His parents sent Blanco White to the Dominican College in Seville at the age of 14, but he was soon in trouble. Demonstrating the type of intellectual independence that would later lead him to fall out with his superiors in the Catholic Church, he got into an argument about Aristotelian logic with one of the Dominican friars. His exasperated mother removed him from the college and sent him instead to the University of Seville. Though he had already begun to show doubts about his chosen path, he did not stop studying for the priesthood. After his ordination in 1800 he continued to question Catholic doctrine and struggled to reconcile his beliefs. He later wrote:
At length the moment arrived when, by the deliberate admission of the fact that the Church had erred, I came at once to the conclusion at which every sincere Roman Catholic, in similar circumstances, must arrive. I concluded that Christianity could not be true. This inference was not properly my own. The Church of Rome had most assiduously prepared me to draw it.

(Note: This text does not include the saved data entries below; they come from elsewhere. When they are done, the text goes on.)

Lemma sign_change_of_orthogonal (w q : T -> R) :
  measurable_fun D w ->
  (forall x, D x -> 0 <= w x) \/ (forall x, D x -> w x <= 0) ->
  mu.-integrable D (EFin \o (w \* q)) -> Rintegral mu D (w \* q) = 0 ->
  {ae mu, forall x, q x != 0} -> Rintegral mu D w != 0 ->
  ~ mu.-negligible (D `&` [set x | 0 < q x]) /\
  ~ mu.-negligible (D `&` [set x | q x < 0]).
Proof.
move=> w_meas w_sign wq_int wq0 q_nz w_nz.
(* Otherwise [w q] has constant sign, so it vanishes a.e., and then so does [w]. *)
have q_unsigned : ~ ae_const_sign q.
  move=> q_sign; move/negP: w_nz; apply; apply/eqP.
  have wq_sign : ae_const_sign (w \* q).
    case: w_sign => w_s; case: q_sign => q_s; [left|right|right|left];
      apply: filterS q_s => x q_x Dx; have w_x := w_s x Dx; have {}q_x := q_x Dx.
    - exact: mulr_ge0.
    - exact: mulr_ge0_le0.
    - exact: mulr_le0_ge0.
    - exact: mulr_le0.
  have w0 : {ae mu, forall x, D x -> w x = 0}.
    apply: filterS2 q_nz (Rintegral_eq0_ae_eq0 wq_int wq_sign wq0) => x qx wqx Dx.
    by apply/eqP; move/eqP: (wqx Dx); rewrite /= mulf_eq0 (negbTE qx) orbF.
  rewrite /Rintegral (ae_eq_integral (cst 0%E)) ?integral0 //.
  - exact: measurableT_comp.
  - by apply: filterS w0 => x wx Dx; rewrite /= wx.
split=> N_nn; apply: q_unsigned; [right|left]; apply: negligibleS N_nn => x /=;
  by move/not_implyP => [Dx /negP]; rewrite -ltNge.
Qed.

End measure_sign.

Section ae_before.
Context (R : realType) (mu : {measure set (measurableTypeR R) -> \bar R}).

(* The generic [Filter] hint for [almost_everywhere] does not fire on
   [measurableTypeR R]. *)
#[local] Instance ae_filter_mu : Filter (almost_everywhere mu) :=
  ae_filter_ringOfSetsType mu.

Definition ae_before (X Y : set R) :=
  {ae mu, forall x, X x -> {ae mu, forall y, Y y -> x < y}}.

Lemma ae_beforeS (X X' Y Y' : set R) :
  X' `<=` X -> Y' `<=` Y -> ae_before X Y -> ae_before X' Y'.
Proof.
rewrite /ae_before => XX' YY'; apply: filterS => x + /XX' => /[apply].
by apply: filterS => y xy /YY'.
Qed.

Lemma nonnegligible_above (X Y : set R) (m : R) :
  X `<=` Y -> {ae mu, forall y, Y y -> m < y} -> ~ mu.-negligible X ->
  ~ mu.-negligible (X `&` [set y | m < y]).
Proof.
move=> XY Y_above X_nn N_nn; apply: X_nn.
apply: negligibleS (negligibleU N_nn Y_above) => y Xy.
have [my|ym] := ltP m y; first by left.
by right => /(_ (XY _ Xy)); rewrite ltNge ym.
Qed.

Lemma ae_ordered_points n (S A B : nat -> set R) :
  (forall i j, (i < j < n)%N -> ae_before (S i) (S j)) ->
  (forall j, A j `<=` S j /\ B j `<=` S j) ->
  (forall j, (j < n)%N -> ~ mu.-negligible (A j) /\ ~ mu.-negligible (B j)) ->
  exists u v : nat -> R, (forall j, (j < n)%N -> A j (u j) /\ B j (v j)) /\
    (forall i j, (i < j < n)%N -> Num.max (u i) (v i) < Num.min (u j) (v j)).
Proof.
elim: n => [|n IHn] in S A B * => S_before AB_sub AB_nn.
  by exists (fun=> 0), (fun=> 0); split=> // i j /andP[_]; rewrite ltn0.
have first_before : {ae mu, forall x, S 0 x ->
    forall j, (0 < j < n.+1)%N -> {ae mu, forall y, S j y -> x < y}}.
  have : {ae mu, forall x, forall j,
      (0 < j < n.+1)%N -> S 0 x -> {ae mu, forall y, S j y -> x < y}}.
    apply: ae_foralln => j; have [/S_before|_] := boolP (0 < j < n.+1)%N.
      by rewrite /ae_before; apply: filterS => x + _.
    exact: aeW.
  by apply: filterS => x x_before S0x j j_n; exact: x_before.
have [A0_nn B0_nn] := AB_nn 0 isT; have [A0_sub B0_sub] := AB_sub 0.
have [u0 A0u0 u0_before] := nonnegligible_ae_witness A0_nn A0_sub first_before.
have [v0 B0v0 v0_before] := nonnegligible_ae_witness B0_nn B0_sub first_before.
(* Recurse on the later blocks cut above [u0] and [v0]: a.e. nothing is lost. *)
pose m := Num.max u0 v0.
pose above (X : nat -> set R) j := X j.+1 `&` [set y | m < y].
have [|||u [v [uv_in uv_lt]]] := IHn (above S) (above A) (above B).
- move=> i j ij_n; have /S_before : (i.+1 < j.+1 < n.+1)%N by [].
  by apply: ae_beforeS => x [].
- by move=> j; have [sA sB] := AB_sub j.+1; split=> x [Xx mx]; split=> //;
    [exact: sA|exact: sB].
- move=> j j_n; have [Aj_nn Bj_nn] := AB_nn j.+1 j_n.
  have tail_above : {ae mu, forall y, S j.+1 y -> m < y}.
    have := u0_before j.+1 j_n; have := v0_before j.+1 j_n.
    by apply: filterS2 => y hv hu Sy; rewrite gt_max hu ?hv.
  by have [sA sB] := AB_sub j.+1; split; apply: nonnegligible_above tail_above _.
exists (fun j => if j is j.+1 then u j else u0),
  (fun j => if j is j.+1 then v j else v0).
split=> [[|j] j_n //|[|i] [|j] //= ij_n].
- by have [[Au _] [Bv _]] := uv_in j j_n.
- by have [[_ m_u] [_ m_v]] := uv_in j ij_n; rewrite lt_min m_u m_v.
- exact: uv_lt.
Qed.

His conversion to liberalism – and English Protestantism – far from being Damascene, as he might have wished to paint it in later life, was gradual, founded upon a logical dismantling of the tenets that formed the basis of his education as a priest. Even before he was ordained, he had begun to think about how he might best escape the predicament of choosing to be a priest when he no longer believed in the Church.